Затем у нее возник вопрос: "Но как сообщить нашему командованию об этом? Всего же не передашь, - надо хорошо, коротко и понятно изложить о главном: немцы здесь думают зимовать, а часть своих войск куда-то перебрасывают. Владикавказ? - мысленно повторила она. - Ведь это, кажется, по-теперешнему город Орджоникидзе?". И она уже хотела о том спросить у Насти, как вдруг за спиной у себя услышала шаги - легкие, но быстрые, как дуновение ветра.

К ним вышел лейтенант. Он утром видел здесь Лену. Подойдя ближе, присел на скамейку, поставив локти на стол.
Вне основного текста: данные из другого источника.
Lemma connect_path i : i < L -> connect edge ord0 (inord i).
Proof.
elim: i => [|i IH] iL.
  by rewrite (_ : inord 0 = ord0) //; apply: val_inj; rewrite /= inordK.
apply: connect_trans (IH (ltnW iL)) (connect1 _).
by rewrite /edge !inordK /adj /path_adj; lia.
Qed.

Lemma connected_edge : connected_graph edge.
Proof.
have from0 (u : V) : connect edge ord0 u.
  have [uL|Lu] := ltnP u L; first by rewrite -(inord_val u); apply: connect_path.
  have hub_nbr : m + 6 * (u - L) + 1 < L by have := ltn_ord u; lia.
  apply: connect_trans (connect_path hub_nbr) (connect1 _).
  by rewrite /edge inordK /adj /hub_edge; lia.
apply/andP; split; first by rewrite card_ord.
apply/forallP => u; apply/forallP => v.
by apply: connect_trans (from0 v); rewrite (sym_connect_sym edge_sym).
Qed.

Definition hubs : {set V} := [set u : V | L <= u].

Lemma decycling3_hubs : decycling3 edge hubs.
Proof.
apply: (ternary_on_rank edge_irr (rk := val)); first by move=> ? ? _ _; apply: val_inj.
move=> v u1 u2; rewrite !inE /edge /adj /hub_edge /path_adj /= => *.
by apply: val_inj => /=; lia.
Qed.

Lemma card_hubs : #|hubs| = K.
Proof.
pose hub (j : 'I_K) : V := inord (L + j).
have val_hub j : hub j = L + j :> nat by rewrite inordK //; have := ltn_ord j; lia.
have hub_inj : injective hub.
  by move=> i j /(congr1 val); rewrite /= !val_hub => /addnI /val_inj.
have -> : hubs = hub @: setT.
  apply/setP => u; rewrite inE; apply/idP/imsetP => [Lu|[j _ ->]]; last first.
    by rewrite val_hub leq_addr.
  have uK : u - L < K by have := ltn_ord u; lia.
  by exists (Ordinal uK) => //; apply: val_inj; rewrite /= val_hub /=; lia.
by rewrite card_imset // cardsT card_ord.
Qed.

Lemma decycling3_card_geq D : decycling3 edge D -> K <= #|D|.
Proof.
pose tri k (j : 'I_K) : V := inord (if k < 2 then m + 6 * j + k.+1 else L + j).
have val_tri k j : k < 3 -> tri k j = (if k < 2 then m + 6 * j + k.+1 else L + j) :> nat.
  by move=> k3; rewrite inordK //; have := ltn_ord j; case: ifP; lia.
rewrite -[X in X <= _](card_ord K).
apply: (decycling3_triangles edge_sym edge_irr (a := tri 0) (b := tri 1) (c := tri 2)).
  move=> j; have := ltn_ord j.
  by rewrite /edge !val_tri //= /adj /hub_edge /path_adj ?addKn; lia.
move=> i j x; have := ltn_ord i; have := ltn_ord j.
by rewrite !inE -!val_eqE /= !val_tri //= => *; apply: val_inj => /=; lia.
Qed.

Lemma phi3_edge : phi3 edge = K.
Proof. exact: phi3_eq decycling3_hubs card_hubs decycling3_card_geq. Qed.

End Construction.

Local Open Scope ring_scope.

Lemma exists_graph_value m' k s : (s < 2 ^ k)%N ->
  exists (T : finType) (e : rel T),
    [/\ simple_graph e, connected_graph e, phi3 e = k &
        (indep_poly e).[-1] = (2 ^ k)%N%:Z * path_m1 m'.+1 - path_m1 m' * s%:Z].
Proof.
move=> s_lt; have [b Hb] := chain_val_bits (path_m1 m'.+1) (path_m1 m') s_lt.
exists _, (@edge m' k b); split.
- by split; [exact: edge_sym | exact: edge_irr].
- exact: connected_edge.
- exact: phi3_edge.
- by rewrite horner_indep_poly_m1 indepm1_edge.
Qed.

Theorem corollary2p2 (k : nat) (q : int) :
  (0 < k)%N -> (`|q|%N <= 2 ^ k)%N ->
  exists (T : finType) (e : rel T),
    [/\ simple_graph e, connected_graph e, phi3 e = k &
        (indep_poly e).[-1] = q].
Proof.
move=> _ q_le.
suff [m' [s [s_lt ->]]] : exists m' s,
    (s < 2 ^ k)%N /\ q = (2 ^ k)%N%:Z * path_m1 m'.+1 - path_m1 m' * s%:Z.
  exact: exists_graph_value.
case: q q_le => [[|n]|n] /= q_le.
- by exists 0%N, 0%N; rewrite expn_gt0 /= mulr0 subr0.
- exists 5%N, (2 ^ k - n.+1)%N; have -> : path_m1 6 = 1 by []; have -> : path_m1 5 = 1 by [].
  split; lia.
- exists 2%N, (2 ^ k - n.+1)%N; have -> : path_m1 3 = -1 by []; have -> : path_m1 2 = -1 by [].
  by rewrite NegzE; split; lia.
Qed.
Так он долго сидел в одном и том же положении, собираясь о чем-то заговорить, но всякий раз останавливался, задумываясь о чем-то.

- Милай барышня, ви сыграит нам немножко? - спросил он, наконец, подавшись вперед лицом.

Лена медлила с ответом, в то время как Настя, прямо еле сдерживаясь на своем месте, со страдальческим сочувствием смотрела на нее, а затем, точно метая искрами в глазах, коротко бросила взгляд на гитлеровца.

Дайте хоть щи дохлебать, - не выдержала она.

Для Лены музыка была чем-то святым, временно отступившим в глубину ее сердца. И тревожить сейчас эти упрятанные в себе чувства ей было больно. И все же она ответила несколько уклончиво:

- Не знаю, выйдет ли у меня, - я пальцы исцарапала, - с видимым сожалением сказала девушка и показала лейтенанту свою правую руку, пальцы на которой действительно оказались с запекшейся кровью на кончиках.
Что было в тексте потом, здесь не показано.